[Data — start]
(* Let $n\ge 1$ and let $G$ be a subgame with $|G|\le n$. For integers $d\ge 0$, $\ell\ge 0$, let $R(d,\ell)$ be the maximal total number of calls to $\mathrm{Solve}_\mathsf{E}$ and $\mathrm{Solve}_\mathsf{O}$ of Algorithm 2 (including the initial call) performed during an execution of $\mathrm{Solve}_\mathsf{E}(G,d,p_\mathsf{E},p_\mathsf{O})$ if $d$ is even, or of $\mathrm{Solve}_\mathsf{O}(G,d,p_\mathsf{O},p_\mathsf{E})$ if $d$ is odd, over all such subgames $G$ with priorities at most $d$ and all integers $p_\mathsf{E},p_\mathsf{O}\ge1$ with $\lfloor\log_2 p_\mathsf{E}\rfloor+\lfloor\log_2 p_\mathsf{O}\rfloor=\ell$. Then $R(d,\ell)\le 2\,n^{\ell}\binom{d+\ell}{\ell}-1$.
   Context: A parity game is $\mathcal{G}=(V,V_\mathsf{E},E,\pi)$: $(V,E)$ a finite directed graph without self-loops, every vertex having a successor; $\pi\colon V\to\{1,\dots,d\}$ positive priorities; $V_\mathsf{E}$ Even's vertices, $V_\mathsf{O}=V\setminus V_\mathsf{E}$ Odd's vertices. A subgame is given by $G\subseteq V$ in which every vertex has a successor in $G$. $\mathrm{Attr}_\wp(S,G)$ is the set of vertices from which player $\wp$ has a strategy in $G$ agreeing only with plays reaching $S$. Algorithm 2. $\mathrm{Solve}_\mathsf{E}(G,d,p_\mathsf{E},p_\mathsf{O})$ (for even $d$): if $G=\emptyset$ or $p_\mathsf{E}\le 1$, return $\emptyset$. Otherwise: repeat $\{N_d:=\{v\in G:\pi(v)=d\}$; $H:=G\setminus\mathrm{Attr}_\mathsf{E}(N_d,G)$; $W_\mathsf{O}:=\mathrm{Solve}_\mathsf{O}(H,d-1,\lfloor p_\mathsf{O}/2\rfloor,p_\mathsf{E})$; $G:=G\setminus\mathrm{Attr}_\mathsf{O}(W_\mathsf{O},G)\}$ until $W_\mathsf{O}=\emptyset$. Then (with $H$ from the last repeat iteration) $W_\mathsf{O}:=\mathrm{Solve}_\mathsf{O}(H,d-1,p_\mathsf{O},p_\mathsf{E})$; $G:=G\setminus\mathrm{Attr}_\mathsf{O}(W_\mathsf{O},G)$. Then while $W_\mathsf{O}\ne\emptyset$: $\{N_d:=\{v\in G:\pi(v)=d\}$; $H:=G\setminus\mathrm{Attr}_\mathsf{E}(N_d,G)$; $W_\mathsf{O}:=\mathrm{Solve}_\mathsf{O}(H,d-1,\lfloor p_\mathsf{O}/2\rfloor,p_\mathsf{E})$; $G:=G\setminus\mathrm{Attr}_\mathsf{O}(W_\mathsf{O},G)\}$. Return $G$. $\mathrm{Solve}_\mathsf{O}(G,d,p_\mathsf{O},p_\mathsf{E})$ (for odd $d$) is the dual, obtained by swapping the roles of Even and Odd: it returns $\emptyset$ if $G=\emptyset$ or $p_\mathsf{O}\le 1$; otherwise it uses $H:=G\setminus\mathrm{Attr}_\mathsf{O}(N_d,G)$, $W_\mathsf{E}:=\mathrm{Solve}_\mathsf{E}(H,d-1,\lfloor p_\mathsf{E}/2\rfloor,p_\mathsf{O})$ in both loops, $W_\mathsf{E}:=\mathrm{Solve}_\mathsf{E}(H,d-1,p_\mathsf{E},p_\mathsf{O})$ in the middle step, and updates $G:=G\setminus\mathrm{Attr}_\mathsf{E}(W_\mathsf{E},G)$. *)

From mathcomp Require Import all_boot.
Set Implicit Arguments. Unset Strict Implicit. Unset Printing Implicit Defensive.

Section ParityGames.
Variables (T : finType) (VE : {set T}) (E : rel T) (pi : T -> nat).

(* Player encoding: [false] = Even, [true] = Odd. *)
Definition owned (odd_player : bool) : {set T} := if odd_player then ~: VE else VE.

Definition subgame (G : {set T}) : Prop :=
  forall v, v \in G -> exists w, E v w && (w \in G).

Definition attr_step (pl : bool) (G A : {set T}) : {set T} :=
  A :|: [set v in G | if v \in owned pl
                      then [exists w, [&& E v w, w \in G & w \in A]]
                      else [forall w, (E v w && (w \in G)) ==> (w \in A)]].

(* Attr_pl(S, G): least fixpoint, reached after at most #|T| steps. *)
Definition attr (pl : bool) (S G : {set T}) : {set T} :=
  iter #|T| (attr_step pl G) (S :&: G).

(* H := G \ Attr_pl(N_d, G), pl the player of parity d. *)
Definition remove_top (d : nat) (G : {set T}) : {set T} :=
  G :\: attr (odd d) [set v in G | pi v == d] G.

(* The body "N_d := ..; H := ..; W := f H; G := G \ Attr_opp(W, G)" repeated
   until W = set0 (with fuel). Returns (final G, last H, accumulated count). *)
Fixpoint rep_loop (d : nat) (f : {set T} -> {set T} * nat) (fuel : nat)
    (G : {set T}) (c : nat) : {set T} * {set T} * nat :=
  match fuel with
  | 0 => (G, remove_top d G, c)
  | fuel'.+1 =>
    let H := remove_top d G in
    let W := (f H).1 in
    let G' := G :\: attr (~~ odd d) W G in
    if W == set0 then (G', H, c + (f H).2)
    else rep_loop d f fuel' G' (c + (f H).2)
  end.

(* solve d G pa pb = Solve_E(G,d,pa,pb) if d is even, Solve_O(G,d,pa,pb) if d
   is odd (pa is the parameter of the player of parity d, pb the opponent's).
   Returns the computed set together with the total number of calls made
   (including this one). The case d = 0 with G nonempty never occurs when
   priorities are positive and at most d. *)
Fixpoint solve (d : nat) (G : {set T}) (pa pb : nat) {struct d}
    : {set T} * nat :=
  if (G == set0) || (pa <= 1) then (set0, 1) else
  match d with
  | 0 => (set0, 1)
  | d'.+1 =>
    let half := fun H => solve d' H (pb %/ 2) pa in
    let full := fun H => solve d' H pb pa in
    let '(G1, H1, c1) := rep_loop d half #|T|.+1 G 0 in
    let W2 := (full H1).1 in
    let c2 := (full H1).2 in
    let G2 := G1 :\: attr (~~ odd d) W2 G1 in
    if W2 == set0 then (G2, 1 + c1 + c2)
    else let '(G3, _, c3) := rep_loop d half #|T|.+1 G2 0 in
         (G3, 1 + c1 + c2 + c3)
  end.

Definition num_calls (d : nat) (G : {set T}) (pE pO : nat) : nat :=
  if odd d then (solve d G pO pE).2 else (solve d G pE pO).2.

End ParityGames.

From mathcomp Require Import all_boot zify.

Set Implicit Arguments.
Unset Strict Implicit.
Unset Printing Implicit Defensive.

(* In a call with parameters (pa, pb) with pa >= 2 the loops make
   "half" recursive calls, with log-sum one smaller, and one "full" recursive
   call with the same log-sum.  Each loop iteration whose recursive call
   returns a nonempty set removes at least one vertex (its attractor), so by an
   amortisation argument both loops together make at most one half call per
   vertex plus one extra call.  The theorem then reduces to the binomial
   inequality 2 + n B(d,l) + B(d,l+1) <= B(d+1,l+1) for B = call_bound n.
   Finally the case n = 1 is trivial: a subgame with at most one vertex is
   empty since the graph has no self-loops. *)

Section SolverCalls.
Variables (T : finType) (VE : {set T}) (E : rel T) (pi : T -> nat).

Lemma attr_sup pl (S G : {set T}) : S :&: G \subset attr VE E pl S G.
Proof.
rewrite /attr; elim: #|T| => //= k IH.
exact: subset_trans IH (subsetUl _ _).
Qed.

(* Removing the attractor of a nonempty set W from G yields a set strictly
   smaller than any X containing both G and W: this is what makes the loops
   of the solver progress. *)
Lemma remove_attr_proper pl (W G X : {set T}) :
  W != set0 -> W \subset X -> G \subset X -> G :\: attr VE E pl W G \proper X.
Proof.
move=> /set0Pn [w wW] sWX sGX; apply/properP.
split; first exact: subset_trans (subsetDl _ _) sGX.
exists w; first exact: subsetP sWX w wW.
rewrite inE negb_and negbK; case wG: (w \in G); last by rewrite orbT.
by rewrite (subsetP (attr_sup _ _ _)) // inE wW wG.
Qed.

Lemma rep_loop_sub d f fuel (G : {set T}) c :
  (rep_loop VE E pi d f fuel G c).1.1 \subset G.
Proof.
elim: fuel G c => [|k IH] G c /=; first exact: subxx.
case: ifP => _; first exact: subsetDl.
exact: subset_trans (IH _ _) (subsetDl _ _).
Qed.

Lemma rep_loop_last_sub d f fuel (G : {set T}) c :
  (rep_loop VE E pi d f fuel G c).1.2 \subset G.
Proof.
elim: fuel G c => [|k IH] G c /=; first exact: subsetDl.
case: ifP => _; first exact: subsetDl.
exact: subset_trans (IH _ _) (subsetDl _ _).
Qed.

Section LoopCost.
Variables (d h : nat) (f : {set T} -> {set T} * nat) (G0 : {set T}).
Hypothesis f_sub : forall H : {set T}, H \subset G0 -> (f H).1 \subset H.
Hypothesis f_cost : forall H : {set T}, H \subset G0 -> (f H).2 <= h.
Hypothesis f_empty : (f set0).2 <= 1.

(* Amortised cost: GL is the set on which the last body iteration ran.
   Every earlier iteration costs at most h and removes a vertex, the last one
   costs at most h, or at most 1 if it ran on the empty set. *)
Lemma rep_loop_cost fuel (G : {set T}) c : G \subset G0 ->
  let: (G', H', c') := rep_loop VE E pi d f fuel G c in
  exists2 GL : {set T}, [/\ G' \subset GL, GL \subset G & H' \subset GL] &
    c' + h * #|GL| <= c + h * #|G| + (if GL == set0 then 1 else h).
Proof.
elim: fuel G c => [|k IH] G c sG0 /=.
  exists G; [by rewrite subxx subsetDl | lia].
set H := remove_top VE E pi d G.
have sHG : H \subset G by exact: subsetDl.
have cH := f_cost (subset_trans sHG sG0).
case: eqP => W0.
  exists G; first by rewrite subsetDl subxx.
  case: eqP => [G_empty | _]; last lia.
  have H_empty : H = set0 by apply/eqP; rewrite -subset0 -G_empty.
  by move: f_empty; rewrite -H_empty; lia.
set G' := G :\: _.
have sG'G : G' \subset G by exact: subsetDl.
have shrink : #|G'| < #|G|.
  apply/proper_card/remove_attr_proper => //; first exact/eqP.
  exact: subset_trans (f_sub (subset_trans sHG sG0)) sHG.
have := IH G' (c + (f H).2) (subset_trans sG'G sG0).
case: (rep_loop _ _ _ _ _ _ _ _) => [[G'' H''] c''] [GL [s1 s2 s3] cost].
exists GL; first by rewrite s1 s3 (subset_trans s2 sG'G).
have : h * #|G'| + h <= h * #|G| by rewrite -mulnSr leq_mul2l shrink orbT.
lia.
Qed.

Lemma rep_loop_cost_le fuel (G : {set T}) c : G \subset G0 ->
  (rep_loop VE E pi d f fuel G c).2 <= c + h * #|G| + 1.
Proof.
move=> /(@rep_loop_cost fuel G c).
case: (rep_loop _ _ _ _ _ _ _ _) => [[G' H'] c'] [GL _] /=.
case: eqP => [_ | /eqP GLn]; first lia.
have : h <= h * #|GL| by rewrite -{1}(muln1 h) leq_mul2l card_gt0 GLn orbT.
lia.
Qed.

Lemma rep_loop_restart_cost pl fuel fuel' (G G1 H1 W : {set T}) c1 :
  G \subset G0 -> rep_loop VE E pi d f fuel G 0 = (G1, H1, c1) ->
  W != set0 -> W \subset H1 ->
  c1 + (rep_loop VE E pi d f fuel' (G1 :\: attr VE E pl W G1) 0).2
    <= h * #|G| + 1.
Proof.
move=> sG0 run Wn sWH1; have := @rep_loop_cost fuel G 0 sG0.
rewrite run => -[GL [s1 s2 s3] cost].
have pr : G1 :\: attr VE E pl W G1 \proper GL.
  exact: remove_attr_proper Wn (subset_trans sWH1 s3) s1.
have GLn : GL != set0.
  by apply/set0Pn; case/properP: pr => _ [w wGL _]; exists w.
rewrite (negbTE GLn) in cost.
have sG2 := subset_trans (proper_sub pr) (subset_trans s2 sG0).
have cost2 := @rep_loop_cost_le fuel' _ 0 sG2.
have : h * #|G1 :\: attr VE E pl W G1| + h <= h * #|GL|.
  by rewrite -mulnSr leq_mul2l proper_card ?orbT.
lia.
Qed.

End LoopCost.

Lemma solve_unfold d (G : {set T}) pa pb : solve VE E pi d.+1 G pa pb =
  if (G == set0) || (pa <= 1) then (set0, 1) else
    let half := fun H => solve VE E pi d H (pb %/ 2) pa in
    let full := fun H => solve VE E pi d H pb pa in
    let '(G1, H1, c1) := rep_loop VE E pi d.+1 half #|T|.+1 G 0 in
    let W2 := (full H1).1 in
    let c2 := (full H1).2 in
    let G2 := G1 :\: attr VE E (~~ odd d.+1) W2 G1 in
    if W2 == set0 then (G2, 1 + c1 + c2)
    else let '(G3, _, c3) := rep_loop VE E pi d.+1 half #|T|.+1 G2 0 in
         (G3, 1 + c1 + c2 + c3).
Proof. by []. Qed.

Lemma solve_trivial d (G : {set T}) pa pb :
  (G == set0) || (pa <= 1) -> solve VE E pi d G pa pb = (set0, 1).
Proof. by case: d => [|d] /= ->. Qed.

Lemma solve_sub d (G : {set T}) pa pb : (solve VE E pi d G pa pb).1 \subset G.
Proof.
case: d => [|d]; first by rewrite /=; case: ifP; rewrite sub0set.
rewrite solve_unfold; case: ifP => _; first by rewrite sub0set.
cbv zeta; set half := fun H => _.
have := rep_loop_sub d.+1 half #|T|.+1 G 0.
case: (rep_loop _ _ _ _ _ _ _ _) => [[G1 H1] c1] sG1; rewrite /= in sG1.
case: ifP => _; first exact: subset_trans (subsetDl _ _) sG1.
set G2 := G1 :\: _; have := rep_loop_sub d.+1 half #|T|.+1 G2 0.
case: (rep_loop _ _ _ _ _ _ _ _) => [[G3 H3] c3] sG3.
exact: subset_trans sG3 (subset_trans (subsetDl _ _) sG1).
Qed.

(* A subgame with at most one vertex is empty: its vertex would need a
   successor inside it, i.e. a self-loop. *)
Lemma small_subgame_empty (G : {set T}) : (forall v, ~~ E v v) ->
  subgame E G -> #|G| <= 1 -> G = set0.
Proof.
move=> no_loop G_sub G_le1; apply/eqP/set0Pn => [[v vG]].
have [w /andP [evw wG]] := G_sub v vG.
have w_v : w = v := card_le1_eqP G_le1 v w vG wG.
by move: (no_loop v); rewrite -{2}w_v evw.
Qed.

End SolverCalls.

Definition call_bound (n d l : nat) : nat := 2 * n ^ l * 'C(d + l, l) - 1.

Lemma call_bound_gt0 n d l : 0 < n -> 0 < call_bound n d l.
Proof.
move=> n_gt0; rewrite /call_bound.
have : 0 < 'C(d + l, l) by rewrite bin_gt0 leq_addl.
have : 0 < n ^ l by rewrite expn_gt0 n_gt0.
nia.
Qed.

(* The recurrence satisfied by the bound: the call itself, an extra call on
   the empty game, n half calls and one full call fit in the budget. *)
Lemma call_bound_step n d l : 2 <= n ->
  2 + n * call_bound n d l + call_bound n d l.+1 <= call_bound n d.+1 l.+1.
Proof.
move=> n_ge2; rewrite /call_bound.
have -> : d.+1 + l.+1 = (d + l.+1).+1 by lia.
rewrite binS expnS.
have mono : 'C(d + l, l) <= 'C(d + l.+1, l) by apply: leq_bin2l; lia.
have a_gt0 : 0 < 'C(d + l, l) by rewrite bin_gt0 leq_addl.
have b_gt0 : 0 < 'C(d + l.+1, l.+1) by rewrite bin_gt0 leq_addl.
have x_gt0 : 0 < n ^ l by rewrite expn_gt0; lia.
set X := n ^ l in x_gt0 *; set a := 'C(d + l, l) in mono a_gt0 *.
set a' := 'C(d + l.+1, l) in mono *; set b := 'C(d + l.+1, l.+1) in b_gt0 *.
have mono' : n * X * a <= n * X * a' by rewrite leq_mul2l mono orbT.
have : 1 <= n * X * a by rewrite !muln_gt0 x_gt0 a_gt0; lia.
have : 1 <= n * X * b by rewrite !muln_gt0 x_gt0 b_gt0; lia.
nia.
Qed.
[Data — finish]
# [About this task]
Could you restate word for word the lines above, from the one that contains "End ParityGames." through the one that contains "returns a nonempty", and no others?

# [Answer to the exercise]
End ParityGames.

From mathcomp Require Import all_boot zify.

Set Implicit Arguments.
Unset Strict Implicit.
Unset Printing Implicit Defensive.

(* In a call with parameters (pa, pb) with pa >= 2 the loops make
   "half" recursive calls, with log-sum one smaller, and one "full" recursive
   call with the same log-sum.  Each loop iteration whose recursive call
   returns a nonempty set removes at least one vertex (its attractor), so by an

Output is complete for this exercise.